The effective amount of an immunotherapeutic agent can be determined by one of ordinary skill in the art and includes exemplary dosage amounts for a mammal of from about 0.5 to about 200 mg/kg of body weight of active compound per day, which can be administered in a single dose or in the form of individual divided doses, such as from 1 to 4 times per day. Alternatively, the dosage amount can be from about 0.5 to about 150 mg/kg of body weight of active compound per day, about 0.5 to 100 mg/kg of body weight of active compound per day, about 0.5 to about 75 mg/kg of body weight of active compound per day, about 0.5 to about 50 mg/kg of body weight of active compound per day, about 0.5 to about 25 mg/kg of body weight of active compound per day, about 1 to about 20 mg/kg of body weight of active compound per day, about 1 to about 10 mg/kg of body weight of active compound per day, about 20 mg/kg of body weight of active compound per day, about 10 mg/kg of body weight of active compound per day, about 5 mg/kg of body weight, about 3 mg/kg of body weight, or about 2.5 mg/kg of body weight of active compound per day. Other factors that influence dosage can include, e.g., other medical disorders concurrently or previously affecting the subject, the general health of the subject, the genetic disposition of the subject, diet, time of administration, rate of excretion, drug combination, and any other additional therapeutics that are administered to the subject. It should also be understood that a specific dosage and treatment regimen for any particular subject also depends upon the judgment of the treating medical practitioner. A therapeutically effective amount is also one in which any toxic or detrimental effects of the composition are outweighed by the therapeutically beneficial effects.

As used herein, administering or administration refers to the act of introducing, injecting or otherwise physically delivering a substance as it exists outside the body (e.g. an immunotherapeutic agent) into a subject, such as by mucosal, intradermal, intravenous, intratumoral, intramuscular, intrarectal, oral, subcutaneous delivery and/or any other method of physical delivery described herein or known in the art. When a disease, or a symptom thereof, is being treated, administration of the substance typically occurs after the onset of the disease or symptoms thereof.

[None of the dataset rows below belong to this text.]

(* Let $x$ be an indeterminate and let $m,n$ be positive integers with $m\geq n$. Then, as an identity of rational functions in $x$ over $\mathbb{Q}$, \begin{multline*} \sum_{k=0}^{n} \binom{m+k}{k} \binom{m}{k} \binom{n+k}{k} \binom{n}{k} \Biggl\{ \frac{-k}{(x+k)^2} + \frac{1+k \bigl(H_{m+k}^{(1)} +H_{m-k}^{(1)} + H_{n+k}^{(1)} + H_{n-k}^{(1)} -4H_k^{(1)}\bigr)}{x+k} \Biggr\} \\ +\sum_{k=n+1}^{m} \frac{(-1)^{k-n}}{x+k} \binom{m+k}{k} \binom{m}{k} \binom{n+k}{k} \Big/ \binom{k-1}{n} =\frac{x\, (1-x)_{n}\, (1-x)_{m}}{(x)_{n+1}\, (x)_{m+1}}. \end{multline*}
   Context: For non-negative integers $i$ and $n$, the generalized harmonic sum is $H^{(i)}_{n}:=\sum_{j=1}^{n} j^{-i}$ for $n\ge 1$, and $H^{(i)}_{0}:=0$. For $a$ and a non-negative integer $n$, $(a)_n$ denotes the rising factorial: $(a)_0:=1$ and $(a)_n:=a(a+1)\cdots(a+n-1)$ for $n>0$. An empty sum equals $0$. *)

From HB Require Import structures.
From mathcomp Require Import all_boot all_order all_algebra.
Set Implicit Arguments. Unset Strict Implicit. Unset Printing Implicit Defensive.
Import Order.TTheory GRing.Theory Num.Theory.
Local Open Scope ring_scope.

Notation RatFun := {fraction {poly rat}}.

Definition xF : RatFun := FracField.tofrac 'X.

Definition cstF (c : rat) : RatFun := FracField.tofrac (c%:P).

Definition harm (i n : nat) : rat := \sum_(1 <= j < n.+1) ((j%:R : rat) ^+ i)^-1.

Definition rising (R : pzRingType) (a : R) (n : nat) : R :=
  \prod_(i < n) (a + i%:R).

From HB Require Import structures.
From mathcomp Require Import all_boot all_order all_algebra.
From mathcomp Require Import ring zify.
Set Implicit Arguments.
Unset Strict Implicit.
Unset Printing Implicit Defensive.

Import Order.TTheory GRing.Theory Num.Theory.
Local Open Scope ring_scope.

(* Put f_n(x) = (1-x)_n / (x)_(n+1).  It has simple poles at x = 0, ..., -n with
   residues a_n(j) = (-1)^j C(n+j,j) C(n,j), so f_n(x) = sum_j a_n(j) / (x+j).
   The right-hand side is x f_n(x) f_m(x); multiplying the two expansions and
   splitting x / ((x+j)(x+k)) into partial fractions leaves the double poles
   1/(x+j) - j/(x+j)^2 at j = k and, at each pole -k, the sums
   S_n(k) = sum_(j <> k) a_n(j) / (j-k).  For k > n, S_n(k) = f_n(-k) is a
   quotient of rising factorials; for k <= n it is the derivative at -k of
   (x+k) f_n(x), i.e. -a_n(k) (H_(n+k) + H_(n-k) - 2 H_k), which is proved by
   induction on n from f_(n+1)(x) = f_n(x) (n+1-x)/(x+n+1) together with the
   corresponding expansion of sum_j a_n(j)/(x+j)^2 = -f_n'(x). *)

Lemma prod_rising_fact (a n : nat) :
  (\prod_(i < n) (a.+1 + i) * a`! = (a + n)`!)%N.
Proof.
elim: n => [|n IH]; first by rewrite big_ord0 mul1n addn0.
by rewrite big_ord_recr /= mulnAC IH addnS factS mulnC.
Qed.

Lemma bin_pfcoef_rec n j : (j <= n)%N ->
  ('C(n.+1 + j, j) * 'C(n.+1, j) * (n.+1 - j) = 'C(n + j, j) * 'C(n, j) * (n.+1 + j))%N.
Proof.
move=> le_jn; apply/eqP; rewrite -(eqn_pmul2l (ltn0Sn n)); apply/eqP.
have e1 := mul_bin_down (n.+1 + j) j; rewrite addnK addSn /= in e1.
have e2 := mul_bin_down n.+1 j.
have -> : (n.+1 * ('C(n.+1 + j, j) * 'C(n.+1, j) * (n.+1 - j)) =
   (n.+1 * 'C((n + j).+1, j)) * ((n.+1 - j) * 'C(n.+1, j)))%N by rewrite addSn; ring.
by rewrite -e1 -e2; ring.
Qed.

Lemma bin_Npole n t (k := (n.+1 + t)%N) :
  ('C(n + k, k) * \prod_(i < n.+1) (t.+1 + i) =
   k * \prod_(i < n) (k.+1 + i) * 'C(k.-1, n))%N.
Proof.
have e1 := prod_rising_fact k n.
have e2 := prod_rising_fact t n.+1; rewrite addnC -/k in e2.
have e3 := bin_fact (leq_addl n k); rewrite addnK in e3.
have e4 := bin_fact (leq_addr t n); rewrite addKn in e4.
have ek : k.-1 = (n + t)%N by rewrite /k addSn.
have fk : k`! = (k * (n + t)`!)%N by rewrite /k addSn factS.
rewrite ek; apply/eqP; rewrite -(eqn_pmul2r (fact_gt0 n)) -(eqn_pmul2r (fact_gt0 t))
  -(eqn_pmul2r (fact_gt0 k)); apply/eqP.
have -> : ('C(n + k, k) * \prod_(i < n.+1) (t.+1 + i) * n`! * t`! * k`!
   = ('C(n + k, k) * (k`! * n`!)) * (\prod_(i < n.+1) (t.+1 + i) * t`!))%N by ring.
have -> : (k * \prod_(i < n) (k.+1 + i) * 'C(n + t, n) * n`! * t`! * k`!
   = (\prod_(i < n) (k.+1 + i) * k`!) * (k * ('C(n + t, n) * (n`! * t`!))))%N by ring.
by rewrite e3 e2 e1 e4 -fk addnC.
Qed.

Lemma bin_middleS n : 'C(n.+1 + n.+1, n.+1) = (2 * 'C(n + n.+1, n.+1))%N.
Proof.
have := @bin_sub (n + n.+1) n.+1 (leq_addl _ _); rewrite addnK => sym.
by rewrite addSn binS sym mul2n -addnn.
Qed.

Lemma rising_natS (R : pzRingType) (a n : nat) :
  rising (a.+1%:R : R) n = (\prod_(i < n) (a.+1 + i))%:R.
Proof. by rewrite /rising natr_prod; apply: eq_bigr => i _; rewrite natrD. Qed.

Lemma rising_Nnat (R : comPzRingType) (n t : nat) :
  rising (- (n.+1 + t)%:R : R) n.+1 = (-1) ^+ n.+1 * (\prod_(i < n.+1) (t.+1 + i))%:R.
Proof.
rewrite /rising (reindex_inj rev_ord_inj) natr_prod.
rewrite -[in (-1) ^+ n.+1](card_ord n.+1) -prodrN.
apply: eq_bigr => i _ /=; rewrite subSS.
have -> : (n.+1 + t = t.+1 + i + (n - i))%N by have := ltn_ord i; lia.
by rewrite natrD; ring.
Qed.

Lemma risingS (R : pzRingType) (x : R) n : rising x n.+1 = rising x n * (x + n%:R).
Proof. by rewrite /rising big_ord_recr. Qed.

Any of the therapeutic agents described herein (for example, a chemotherapeutic agent, a vaccine, an immunotherapeutic, etc.) are administered in a number of ways depending on whether local or systemic treatment is desired, and on the area to be treated. The compositions are administered via any of several routes of administration, including orally, parenterally, intramucosally, intravenously, intraperitoneally, intraventricularly, intramuscularly, subcutaneously, intracavity or transdermally. Administration can be achieved by, e.g., topical administration, local infusion, injection, or by means of an implant. The implant can be of a porous, non-porous, or gelatinous material, including membranes, such as sialastic membranes, or fibers. The implant can be configured for sustained or periodic release of the composition to the subject. See, e.g., U.S. Patent Application Publication No. 20080241223; U.S. Pat. Nos. 5,501,856; 4,863,457; and 3,710,795; and European Patent Nos. EP488401 and EP 430539.

In some methods, a therapeutic agent can be delivered to the subject by way of an implantable device based on, e.g., diffusive, erodible, or convective systems, osmotic pumps, biodegradable implants, electrodiffusion systems, electroosmosis systems, vapor pressure pumps, electrolytic pumps, effervescent pumps, piezoelectric pumps, erosion-based systems, or electromechanical systems. Effective doses for any of the administration methods described herein can be extrapolated from dose-response curves derived from in vitro or animal model test systems.

Any of the therapeutic agents described herein, for example, immunotherapeutic agents or chemotherapeutic agents, can be formulated as a pharmaceutical composition. In some embodiments, the pharmaceutical composition can further comprise a carrier. The term carrier means a compound, composition, substance, or structure that, when in combination with a compound or composition, aids or facilitates preparation, storage, administration, delivery, effectiveness, selectivity, or any other feature of the compound or composition for its intended use or purpose. For example, a carrier can be selected to minimize any degradation of the active ingredient and to minimize any adverse side effects in the subject. Such pharmaceutically acceptable carriers include sterile biocompatible pharmaceutical carriers, including, but not limited to, saline, buffered saline, artificial cerebral spinal fluid, dextrose, and water.

Depending on the intended mode of administration, a pharmaceutical composition can be in the form of solid, semi-solid or liquid dosage forms, such as, for example, tablets, suppositories, pills, capsules, powders, liquids, or suspensions, preferably in unit dosage form suitable for single administration of a precise dosage. The compositions will include a therapeutically effective amount of the agent described herein or derivatives thereof in combination with a pharmaceutically acceptable carrier and, in addition, may include other medicinal agents, pharmaceutical agents, carriers, or diluents. By pharmaceutically acceptable is meant a material that is not biologically or otherwise undesirable, which can be administered to an individual along with the selected agent without causing unacceptable biological effects or interacting in a deleterious manner with the other components of the pharmaceutical composition in which it is contained.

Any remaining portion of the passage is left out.